Goad was wondering if she would ever be able to go out to eat without being afraid, and for years, she couldn’t enjoy her food because she was afraid something bad was going to happen. She hated to go out to eat.

She said things are better now, and one place she believes gets it right is Rails Craft Brew & Eatery in Seymour, where the couple had another wedding reception for Indiana family and friends about a month ago.

Goad and her husband each have two children with spouses. Her children are Dr. Kris Williams and Alissa Proctor. Beth and Jay have eight grandsons between them, and the boys were part of their wedding.

Goad said her daughter-in-law, Stacey Williams, is super helpful and will always make food she can eat when they have get-togethers, and she appreciates that so much.

“My husband has been great and doesn’t get freaked out by my food allergies,” she said. “At our wedding reception, our wedding cake was free of soy, gluten and dairy, and it was delicious.”

Goad said all helpful restaurants love her food allergy card, but some places treat her like she is picky.

“I’ll eat anything that doesn’t kill me, and it’s hurtful when people make fun of this disability,” she said. “Having a food allergy is a disability, and at IU, they had me file for disability because I was in administration and had to go to a lot of lunches with people and dignitaries.”

Currently, she teaches adjunct for Texas Tech University online in the health and sciences department and could teach adjunct at Indiana University, but hasn’t yet since she retired a year ago in September.

Goad said people with food allergies or those who might be the one preparing food should know how important it is to read the ingredient labels every time because ingredients and labels can change without warning.

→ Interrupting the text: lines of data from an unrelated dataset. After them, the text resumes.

(* kappa : 'I_3 encodes x (0), y (1), z (2); bar = false gives |kappa>, the
   +1 eigenvector of sigma_kappa, bar = true gives |bar kappa>, the -1
   eigenvector. *)
Definition pauli (kappa : 'I_3) : 'M[C]_2 :=
  if val kappa == 0%N then \matrix_(i < 2, j < 2) (i != j)%:R
  else if val kappa == 1%N then
    \matrix_(i < 2, j < 2)
      (if (val i == 0%N) && (val j == 1%N) then - 'i
       else if (val i == 1%N) && (val j == 0%N) then 'i else 0)
  else \matrix_(i < 2, j < 2) (if i == j then (if val i == 0%N then 1 else -1) else 0).

Definition ket (kappa : 'I_3) (bar : bool) : 'I_2 -> C :=
  fun i =>
  let s : C := if bar then -1 else 1 in
  if val kappa == 0%N then (if val i == 0%N then 1 else s) / sqrtC 2
  else if val kappa == 1%N then (if val i == 0%N then 1 else s * 'i) / sqrtC 2
  else if val i == 0%N then (~~ bar)%:R else bar%:R.

Definition proj (v : 'I_2 -> C) : op C 'I_2 := fun i j => v i * (v j)^*.

(* the twelve two-qubit states |kappa kappa>, |kappa bar kappa>,
   |bar kappa kappa>, |bar kappa bar kappa> are indexed by
   (kappa, bar1, bar2) : 'I_3 * bool * bool.  The k-fold product state
   i_1 (x) ... (x) i_k lives on the 2k qubits labelled by 'I_k * 'I_2
   (qubits (t,0),(t,1) form the t-th SEP-bit C^2 (x)_min C^2). *)
Definition twelve_state (k : nat) (a : {ffun 'I_k -> 'I_3 * bool * bool})
  : op C (qbasis ('I_k * 'I_2)%type) :=
  tensor (fun q : 'I_k * 'I_2 =>
    let: (kappa, b1, b2) := a q.1 in
    proj (ket kappa (if val q.2 == 0%N then b1 else b2))).

End Twelve.

From Pilot Require Import Defs.
From mathcomp Require Import all_boot all_order all_algebra.
From mathcomp Require Import boolp reals exp.
From mathcomp.real_closed Require Import complex.
From mathcomp.algebra_tactics Require Import ring lra.
Set Implicit Arguments. Unset Strict Implicit. Unset Printing Implicit Defensive.
Import Order.TTheory GRing.Theory Num.Theory.
Local Open Scope ring_scope.

(* Write |kappa b> for the eigenvectors of the Pauli operators.
   Two of the twelve two-qubit states x = |kappa b1> (x) |kappa b2> and
   y = |kappa' c1> (x) |kappa' c2> are separated by a correlation
   <A1 (x) B1 - A2 (x) B2> equal to +1 on x and -1 on y, where (A1, A2) and
   (B1, B2) are "Bloch pairs": signed Pauli operators along distinct axes
   (or one of them together with the identity and 0).  For such pairs,
   |<A1>_P <B1>_Q - <A2>_P <B2>_Q| <= tr P tr Q for positive P, Q
   (Cauchy-Schwarz on Bloch vectors), so (Id +- (A1 (x) B1 - A2 (x) B2))/2 on
   one SEP-bit is a SEP measurement.  Two product states with different
   labels differ on some SEP-bit and are discriminated there.

   Every density operator has a nonzero support vector
   (via a Cholesky/Gram decomposition), annihilated by every effect that
   never fires on it; perfectly discriminated states have orthogonal support
   vectors, so 12^k <= 2^m, which is the logarithmic bound. *)

Section TraceAlgebra.
Variables (C : numClosedFieldType) (T : finType).
Implicit Types (A E F P X : op C T).

Lemma hermitian_opid : Defs.hermitian (@opid C T).
Proof. by move=> i j; rewrite /opid eq_sym conjC_nat. Qed.

Lemma optr_opid P : optr (opmul (@opid C T) P) = optr P.
Proof.
rewrite /optr /opmul; apply: eq_bigr => a _.
rewrite (bigD1 a) //= big1 ?addr0 /opid ?eqxx ?mul1r // => b hb.
by rewrite eq_sym (negPf hb) mul0r.
Qed.

Lemma optr_scale (c : C) A P :
  optr (opmul (fun i j => c * A i j) P) = c * optr (opmul A P).
Proof.
rewrite /optr /opmul mulr_sumr; apply: eq_bigr => i _.
by rewrite mulr_sumr; apply: eq_bigr => j _; rewrite mulrA.
Qed.

Lemma optr_comb3 (c1 c2 c3 : C) (X Y Z P : op C T) :
  optr (opmul (fun a b => c1 * X a b + c2 * Y a b + c3 * Z a b) P) =
  c1 * optr (opmul X P) + c2 * optr (opmul Y P) + c3 * optr (opmul Z P).
Proof.
rewrite /optr /opmul !mulr_sumr -!big_split /=; apply: eq_bigr => i _.
rewrite !mulr_sumr -!big_split /=; apply: eq_bigr => j _.
by rewrite !mulrDl !mulrA.
Qed.

Lemma optr_sumr (r : nat) E X (P : 'I_r -> op C T) :
  (forall a b, X a b = \sum_(i < r) P i a b) ->
  optr (opmul E X) = \sum_(i < r) optr (opmul E (P i)).
Proof.
move=> hX; rewrite /optr /opmul; symmetry.
rewrite exchange_big /=; apply: eq_bigr => a _.
by rewrite exchange_big /=; apply: eq_bigr => b _; rewrite hX mulr_sumr.
Qed.

Lemma optr_compl E F X : (forall a b, E a b + F a b = @opid C T a b) ->
  optr (opmul E X) + optr (opmul F X) = optr X.
Proof.
move=> hEF; rewrite -[optr X]optr_opid /optr /opmul -big_split /=.
apply: eq_bigr => a _; rewrite -big_split /=; apply: eq_bigr => b _.
by rewrite -mulrDl hEF.
Qed.

Lemma optr_compl_certain E F X : (forall a b, E a b + F a b = @opid C T a b) ->
  optr X = 1 -> optr (opmul E X) = 1 -> optr (opmul F X) = 0.
Proof.
move=> hEF hX hE; have := optr_compl X hEF.
by rewrite hE hX -[RHS]addr0 => /addrI.
Qed.

End TraceAlgebra.

Section TensorProducts.
Variables (C : numClosedFieldType) (Q : finType).
Implicit Types (F P : Q -> op C 'I_2).

Lemma optr_tensor F P :
  optr (opmul (tensor F) (tensor P)) = \prod_q optr (opmul (F q) (P q)).
Proof.
rewrite /optr /opmul /tensor.
transitivity (\sum_(a : qbasis Q) \prod_q \sum_(j < 2) F q (a q) j * P q j (a q)).
  apply: eq_bigr => a _; rewrite bigA_distr_bigA.
  by apply: eq_bigr => b _; rewrite -big_split.
by rewrite bigA_distr_bigA.
Qed.

Lemma opid_tensor : @opid C (qbasis Q) = tensor (fun _ => @opid C _).
Proof.
apply: funext => a; apply: funext => b; rewrite /opid /tensor.
have [->|neq] := eqVneq a b; first by rewrite big1 // => q _; rewrite eqxx.
have [q hq] : exists q, a q != b q.
  apply/existsP; rewrite -negb_forall; apply: contra neq => /forallP h.
  by apply/eqP/ffunP => q; apply/eqP.
by rewrite (bigD1 q) //= (negPf hq) mul0r.
Qed.

Lemma hermitian_tensor F : (forall q, Defs.hermitian (F q)) -> Defs.hermitian (tensor F).
Proof. by move=> hF a b; rewrite /tensor rmorph_prod; apply: eq_bigr => q _; apply: hF. Qed.

End TensorProducts.

Section Qubit.
Variable C : numClosedFieldType.

Definition o0 : 'I_2 := @Ordinal 2 0 isT.
Definition o1 : 'I_2 := @Ordinal 2 1 isT.

Lemma ord2P (i : 'I_2) : i = o0 \/ i = o1.
Proof. by case: i => [[|[|n]] h] //; [left|right]; apply/val_inj. Qed.

Lemma ord3P (i : 'I_3) :
  [\/ i = @Ordinal 3 0 isT, i = @Ordinal 3 1 isT | i = @Ordinal 3 2 isT].
Proof.
by case: i => [[|[|[|n]]] h] //; [apply: Or31|apply: Or32|apply: Or33]; apply/val_inj.
Qed.

Lemma sum_ord2 (F : 'I_2 -> C) : \sum_(i < 2) F i = F o0 + F o1.
Proof. by rewrite big_ord_recl big_ord_recl big_ord0 addr0; congr (F _ + F _); apply/val_inj. Qed.

Lemma optr_qubit (A P : op C 'I_2) : optr (opmul A P) =
  A o0 o0 * P o0 o0 + A o0 o1 * P o1 o0 + A o1 o0 * P o0 o1 + A o1 o1 * P o1 o1.
Proof. by rewrite /optr /opmul !sum_ord2 !addrA. Qed.

Lemma psd_proj (v : 'I_2 -> C) : psd (proj v).
Proof.
split; first by move=> i j; rewrite /proj rmorphM /= conjCK mulrC.
move=> w.
have -> : \sum_i \sum_j (w i)^* * proj v i j * w j =
          (\sum_i (w i)^* * v i) * (\sum_i (w i)^* * v i)^*.
  rewrite rmorph_sum /= mulr_suml; apply: eq_bigr => i _.
  rewrite mulr_sumr; apply: eq_bigr => j _.
  by rewrite /proj rmorphM /= conjCK; ring.
exact: mul_conjC_ge0.
Qed.

(* The Pauli operator sigma_kappa as an operator, and its signed version
   (-1)^b sigma_kappa, the observable whose +1 eigenvector is |kappa, b>. *)
Definition sigma (kap : 'I_3) : op C 'I_2 := fun i j => pauli C kap i j.
Definition sgn (b : bool) : C := if b then -1 else 1.
Definition ssigma (b : bool) (kap : 'I_3) : op C 'I_2 := fun i j => sgn b * sigma kap i j.

Lemma sgnK (b : bool) : sgn b * sgn b = 1.
Proof. by case: b; rewrite /sgn ?mulrNN mulr1. Qed.

Lemma hermitian_ssigma b kap : Defs.hermitian (ssigma b kap).
Proof.
move=> i j; rewrite /ssigma /sigma /pauli /sgn.
case: (ord2P i) => ->; case: (ord2P j) => ->; case: (ord3P kap) => ->; case: b => /=;
  rewrite !mxE /= ?rmorphM ?rmorph0 ?rmorph1 ?rmorphN ?rmorph1 /= ?conjCi ?opprK //.
Qed.

Lemma optr_ssigma b kap (P : op C 'I_2) :
  optr (opmul (ssigma b kap) P) = sgn b * optr (opmul (sigma kap) P).
Proof. exact: optr_scale. Qed.

Lemma sqrt2_inv_conj : ((sqrtC (2 : C))^-1)^* = (sqrtC 2)^-1.
Proof. by rewrite fmorphV /= conj_Creal // ger0_real // sqrtC_ge0 ler0n. Qed.

Lemma sqrt2_inv_sqr : 2 * ((sqrtC (2 : C))^-1 * (sqrtC 2)^-1) = 1.
Proof. by rewrite -invfM -expr2 sqrtCK divff // pnatr_eq0. Qed.

Lemma optr_proj_ket (kap : 'I_3) (b : bool) : optr (proj (ket C kap b)) = 1.
Proof.
have W := sqrt2_inv_sqr; have I : 'i * 'i = -1 :> C by rewrite -expr2 sqrCi.
rewrite /optr sum_ord2 /proj /ket.
case: (ord3P kap) => ->; case: b => /=;
  rewrite ?rmorphM ?rmorphN ?rmorph1 ?rmorph0 /= ?conjCi ?sqrt2_inv_conj; ring: W I.
Qed.

Lemma optr_sigma_ket (kap kap' : 'I_3) (b : bool) :
  optr (opmul (sigma kap') (proj (ket C kap b))) = if kap' == kap then sgn b else 0.
Proof.
have W := sqrt2_inv_sqr; have I : 'i * 'i = -1 :> C by rewrite -expr2 sqrCi.
rewrite optr_qubit /proj /ket /sigma /pauli /sgn.
case: (ord3P kap) => ->; case: (ord3P kap') => ->; case: b => /=; rewrite !mxE /=;
  rewrite ?rmorphM ?rmorphN ?rmorph1 ?rmorph0 /= ?conjCi ?sqrt2_inv_conj;
  first [ring: W I
        | transitivity (- (2 * ((sqrtC (2 : C))^-1 * (sqrtC 2)^-1)));
          [ring | by rewrite W]].
Qed.

End Qubit.

(* Over C = R[i] a positive semidefinite qubit operator has the form
   [[a, u + iv], [u - iv, d]] with a, d >= 0 and u^2 + v^2 <= ad; its Bloch
   vector (2u, -2v, a - d) therefore has length at most its trace a + d. *)
Section QubitBloch.
Variable R : rcfType.
Local Notation C := R[i].

Lemma cmulE (a b c d : R) :
  (Complex a b : C) * Complex c d = Complex (a * c - b * d) (a * d + b * c).
Proof. by []. Qed.
Lemma caddE (a b c d : R) : (Complex a b : C) + Complex c d = Complex (a + c) (b + d).
Proof. by []. Qed.
Lemma cconjE (a b : R) : (Complex a b : C)^* = Complex a (- b).
Proof. by []. Qed.
Lemma cleE (a b c d : R) : ((Complex a b : C) <= Complex c d) = (d == b) && (a <= c).
Proof. by rewrite lecE. Qed.
Lemma creal_mul (a b : R) : (Complex a 0 : C) * Complex b 0 = Complex (a * b) 0.
Proof. by rewrite cmulE !mulr0 !mul0r subr0 addr0. Qed.

(* The defining inequality of positivity, written out in real coordinates
   for the test vector (x0 + i y0, x1 + i y1). *)
Lemma psd_qubit_form (P : op C 'I_2) (a a' d d' u v p q : R) :
  psd P -> P o0 o0 = Complex a a' -> P o1 o1 = Complex d d' ->
  P o0 o1 = Complex u v -> P o1 o0 = Complex p q ->
  forall x0 y0 x1 y1 : R,
  0 <= (x0 * (a * x0 - a' * y0) + y0 * (a * y0 + a' * x0)) +
       (x0 * (u * x1 - v * y1) + y0 * (u * y1 + v * x1)) +
       (x1 * (p * x0 - q * y0) + y1 * (p * y0 + q * x0)) +
       (x1 * (d * x1 - d' * y1) + y1 * (d * y1 + d' * x1)).
Proof.
move=> [_ pos] h00 h11 h01 h10 x0 y0 x1 y1.
have := pos (fun i => if val i == 0%N then Complex x0 y0 else Complex x1 y1).
rewrite !sum_ord2 /= h00 h11 h01 h10 !cconjE !cmulE !caddE cleE => /andP [_ h].
lra.
Qed.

“I do most of my grocery shopping online through Walmart or Amazon, and the reason is you can read the ingredient list yourself for everything, and when you have a lot of allergies, it’s pretty handy,” she said.

Goad suggests people call a new restaurant a couple of days ahead of time to let the chef know about any food allergies and don’t be afraid to advocate for yourself and talk to a manager or the chef before ordering when eating out.